Kejadian ketiga adalah banyaknya kimcil-kimcil yang berkantung tebal mempunyai kamera profesional ditangannya atau tab dan ponsel semarakpon, pada saat doa dilakukan di area Lumbini dengan cahaya terang benderang yang diberikan matahari sore itu dan cahaya lampu dari sekitar, mereka dengan tenangnya men”jepret” orang-orang yang sedang berdoa dengan “flash” ya! Dengan flash kawanku! Dan ada yang menyodorkan tab-nya itu ke depan wajah objeknya dengan flash juga! Menarik! Sangat menarik!
Kejadian keempat adalah ketika semua orang ingin menunggu lampion, jumlah pengunjung tiba-tiba membludak menjadi 5 kali lipat dari tahun lalu, hanya untuk melihat lampion yang mereka lihat melalui film Arisan 2 (damn you! Whoever makes that movie!). Pada saat semua orang termasuk aku menunggu lampion, ada beberapa orang dengan brewok jaman sekarang berbincang-bincang mengenai candi borobudur, temannya berkata “hebat banget ya orang Indonesia jaman dulu bisa buat Borobudur, gimana caranya ya?” temannya yang lain yang kapasitas otaknya sama menjawab “ya pake putih telur gitu” (he’s right) lalu temannya itu bertanya lagi “putih telur doang?” dijawab “iya, Cuma putih telur doang” (fucking! smart my ass) ditanya lagi “terus batu-batunya gimana ngangkatnya? Kan gede tuh” dijawab “ya katanya pake jin-jin gitu” (benar-benar penggemar trans 7 yang satu ini) ditanya lagi (lagi! Omfg!) “emang kapan dibuat ya?” dijawab lagi dan lagi “katanya sih jaman dinasti ming waktu yang merintah sultan mataram” (well fuck me right in the ass! How on earth?!). Lalu mereka diam beberapa saat lalu pertanyaan lain muncul lagi (here we go) “tuh lampu yang di stupa atas itu darimana yak?” dijawab dengan “cerdasnya” “kan dibawah stupanya ada dibuat lampu gitu” (God, please kill me right in the fucking head) Sudah jelas ada lampu yang disorot melalui lampu sorot yang terlihat jelas jejaknya!.

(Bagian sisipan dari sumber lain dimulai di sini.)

(* Let $p>1$, $p'=\frac{p}{p-1}$, $\alpha\in[0,1]$, and let $\psi_R,\psi_R^*,P(R)$ be as in the context. Let $\delta>0$, $C_0>0$, $R_1>0$, $\theta\geq0$, $T>R_1$, and let $0\leq w\in L^1_{\rm loc}([0,T);L^1(\mathcal{C}_\Sigma))$. Assume that for every $R\in[R_1,T)$, \[ \delta+\iint_{P(R)}w(x,t)\psi_R(x,t)\,dx\,dt\leq C_0R^{-\frac{\theta}{p'}}\left(\iint_{P(R)}w(x,t)\psi_R^*(x,t)\,dx\,dt\right)^{\frac1p}. \] Then \[ T\leq \begin{cases} \left(R_1^{(p-1)\theta}+(\log2)C_0^p\theta\delta^{-(p-1)}\right)^{\frac{1}{(p-1)\theta}}, & \text{if }\theta>0,\\[5pt] \exp\left(\log R_1+(\log2)(p-1)^{-1}C_0^p\delta^{-(p-1)}\right), & \text{if }\theta=0. \end{cases} \]
   Context: $\mathcal{C}_\Sigma\subset\mathbb{R}^N$ is an open set (a cone $\mathrm{int}\{\rho\omega:\rho\ge0,\omega\in\Sigma\}$ with $\Sigma\subset S^{N-1}$ connected open with smooth boundary if $N\ge2$; $(0,\infty)$ or $\mathbb{R}$ if $N=1$). $\langle x\rangle=(1+|x|^2)^{1/2}$. Fix $\eta\in C^\infty([0,\infty))$ with $\eta=1$ on $[0,1/2]$, $\eta$ decreasing on $(1/2,1)$, $\eta=0$ on $[1,\infty)$; set $\eta^*(s)=0$ for $s\in[0,1/2)$ and $\eta^*(s)=\eta(s)$ for $s\geq1/2$. For $R>0$ let $s_R(x,t)=R^{-1}(\langle x\rangle^{2-\alpha}+t)$, $\psi_R(x,t)=[\eta(s_R(x,t))]^{2p'}$, $\psi_R^*(x,t)=[\eta^*(s_R(x,t))]^{2p'}$ for $(x,t)\in\mathcal{C}_\Sigma\times[0,\infty)$, and $P(R)=\{(x,t)\in\mathcal{C}_\Sigma\times[0,\infty):\langle x\rangle^{2-\alpha}+t\leq R\}$. *)

From HB Require Import structures.
From mathcomp Require Import all_boot all_order all_algebra.
From mathcomp Require Import all_classical all_reals all_analysis.
Set Implicit Arguments. Unset Strict Implicit. Unset Printing Implicit Defensive.
Import Order.TTheory GRing.Theory Num.Theory.
Import numFieldNormedType.Exports.
Local Open Scope classical_set_scope.
Local Open Scope ring_scope.

Section defs.
Variable R : realType.

(* points of R^N are row vectors 'rV[R]_N (product topology = Euclidean topology) *)
Definition sqnorm (N : nat) (x : 'rV[R]_N) : R := \sum_(i < N) (x 0 i) ^+ 2.

Definition jbr (N : nat) (x : 'rV[R]_N) : R := Num.sqrt (1 + sqnorm x).

Definition unit_sphere (N : nat) : set 'rV[R]_N := [set w | sqnorm w = 1].

(* C is a cone C_Sigma as in the paper (smoothness of the
   boundary of Sigma is not recorded) *)
Definition cone_domain (N : nat) (C : set 'rV[R]_N) : Prop :=
  if (2 <= N)%N then
    exists Sigma : set 'rV[R]_N,
      [/\ Sigma `<=` unit_sphere (N:=N),
          (exists U : set 'rV[R]_N, open U /\ Sigma = U `&` unit_sphere (N:=N)),
          connected Sigma &
          C = interior [set z | exists rho w, [/\ 0 <= rho, Sigma w & z = rho *: w]]]
  else if N == 1%N then
    C = [set x | forall i, 0 < x 0 i] \/ C = setT
  else False.

(* the fixed cut-off eta (only its values on [0,oo) matter) *)
Definition cutoff (eta : R -> R) : Prop :=
  [/\ (forall n x, 0 <= x -> derivable (derive1n n eta) x 1),
      (forall s, 0 <= s <= 2^-1 -> eta s = 1),
      (forall s t, 2^-1 < s -> s <= t -> t < 1 -> eta t <= eta s) &
      (forall s, 1 <= s -> eta s = 0)].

Kejadian kelima adalah ketika sedang menunggu ada dua orang cewek dengan hot pant berwarna krem dan tanktop hitam (damn you’re sexy girl) saling berbincang mengenai lampion, lalu pertanyaan muncul dari salah satu temannya “tuh lampionnya, naiknya gimana ya?” temannya dengan lugas dan merasa pintar menjawab “ya elah lu masak gak tau sih, kan pake api nyalainnya, pake roket kecil kaya mercon gitu", terdiam aku sejenak mencerna segala kebodohan yang tersaji pada hari itu, bagaimana mungkin orang-orang ini bisa hidup! Dan bersikap arogan dengan kebodohannya dengan tidak menghormati ritual-ritual pada hari itu! Ah sudahlah aku tidak bisa berkata lagi dalam pikiran sekalipun tidak, karena orang-orang yang seperti inilah yang diinginkan penguasa, orang-orang yang tidak peka dan tidak cerdas dan kritis, orang yang selalu segala sesuatunya baik-baik saja, the crowded mass. Mungkin catatan ini hanya catatan kejengkelan yang ditulis dengan tata penulisan yang tidak baik bagi yang merasa tersinggung, maafkan saya karena tata cara penulisannya dan go fuck yourself!